Collected data entries
- - -
Lemma split_sum_bound (R : realFieldType)
    (gamma r_good r_bad d_good d_bad r0 n_good n_bad : R) :
  1 < gamma -> 0 <= r_good -> 0 <= r_bad -> 0 <= r0 ->
  n_bad * gamma < n_good + n_bad -> r0 * n_good <= r_good ->
  d_good <= 4 * r_good -> d_bad <= r_bad + 5 * r0 * n_bad ->
  d_good + d_bad <= 5 * gamma / (gamma - 1) * (r_good + r_bad).
Proof.
move=> gamma_gt1 r_good_ge0 r_bad_ge0 r0_ge0 n_bad_small r0_good d_good_le d_bad_le.
have gamma1_gt0 : 0 < gamma - 1 by rewrite subr_gt0.
rewrite mulrAC ler_pdivlMr //.
have : r0 * (n_bad * (gamma - 1)) <= r_good.
  by apply: le_trans r0_good; rewrite ler_wpM2l // ltW // mulrBr mulr1 ltrBlDr.
nra.
Qed.

Section FairGreedyCapture.
Variables (R : realType) (X : Type) (d : X -> X -> R) (n k q : nat) (loc : 'I_n -> X).
Hypothesis q_gt0 : (0 < q)%N.

Let dists i (W : {set 'I_n}) :=
  sort (fun x y : R => x <= y) [seq d (loc i) (loc j) | j <- enum W].

Let dists_sorted i W : sorted <=%O (dists i W).
Proof. exact: (sort_sorted (@le_total _ R)). Qed.

Let count_dists i W x :
  count (<= x)%O (dists i W) = #|ball d loc i x :&: W|.
Proof.
rewrite (permP (permEl (perm_sort _ _))) count_map -size_filter.
set P := preim _ _; have /card_uniqP <- := filter_uniq P (enum_uniq (mem W)).
by apply: eq_card => w; rewrite mem_filter mem_enum !inE.
Qed.

Lemma dq_le_of_card i (W : {set 'I_n}) x :
  (q <= #|ball d loc i x :&: W|)%N -> dq d q loc i W <= x.
Proof.
move=> qW; apply: nth_count_le; first exact: dists_sorted.
by rewrite count_dists prednK.
Qed.

Lemma card_dq_ball i (W : {set 'I_n}) :
  (q <= #|W|)%N -> (q <= #|ball d loc i (dq d q loc i W) :&: W|)%N.
Proof.
move=> qW; rewrite -count_dists leqNgt; apply/negP => lt_count.
suff : dq d q loc i W < dq d q loc i W by rewrite ltxx.
apply: nth_count_gt; first exact: dists_sorted.
rewrite size_sort size_map -cardE (leq_trans _ qW) ?andbT; last by rewrite prednK.
by rewrite -ltnS prednK.
Qed.

Lemma dq_default i (W : {set 'I_n}) : (#|W| < q)%N -> dq d q loc i W = 0.
Proof.
by move=> Wq; rewrite /dq nth_default // size_sort size_map -cardE -ltnS prednK.
Qed.

Hypothesis d_ge0 : forall x y, 0 <= d x y.

Lemma dq_ge0 i (W : {set 'I_n}) : 0 <= dq d q loc i W.
Proof.
have [qW|Wq] := leqP q #|W|; last by rewrite dq_default.
rewrite /dq -/(dists i W).
have : nth 0 (dists i W) q.-1 \in dists i W.
  by rewrite mem_nth // size_sort size_map -cardE prednK.
by rewrite mem_sort => /mapP[j _ ->].
Qed.

Hypothesis d_sym : forall x y, d x y = d y x.
Hypothesis d_tri : forall x y z, d x z <= d x y + d y z.

Lemma dq_le_dist_add i j (W : {set 'I_n}) :
  dq d q loc i W <= d (loc i) (loc j) + dq d q loc j W.
Proof.
have [qW|Wq] := leqP q #|W|; last by rewrite !dq_default // addr0.
apply/dq_le_of_card/(leq_trans (card_dq_ball j qW))/subset_leq_card.
apply/subsetP => w; rewrite !inE => /andP[djw ->]; rewrite andbT.
by apply: (le_trans (d_tri _ (loc j) _)); rewrite lerD2l.
Qed.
- - -
Beginning at the line with "by rewrite mem_nth" and stopping after the line with "Lemma dq_le_dist_add i", please write out every line of the data above exactly and nothing else.

  by rewrite mem_nth // size_sort size_map -cardE prednK.
by rewrite mem_sort => /mapP[j _ ->].
Qed.

Hypothesis d_sym : forall x y, d x y = d y x.
Hypothesis d_tri : forall x y z, d x z <= d x y + d y z.

Lemma dq_le_dist_add i j (W : {set 'I_n}) :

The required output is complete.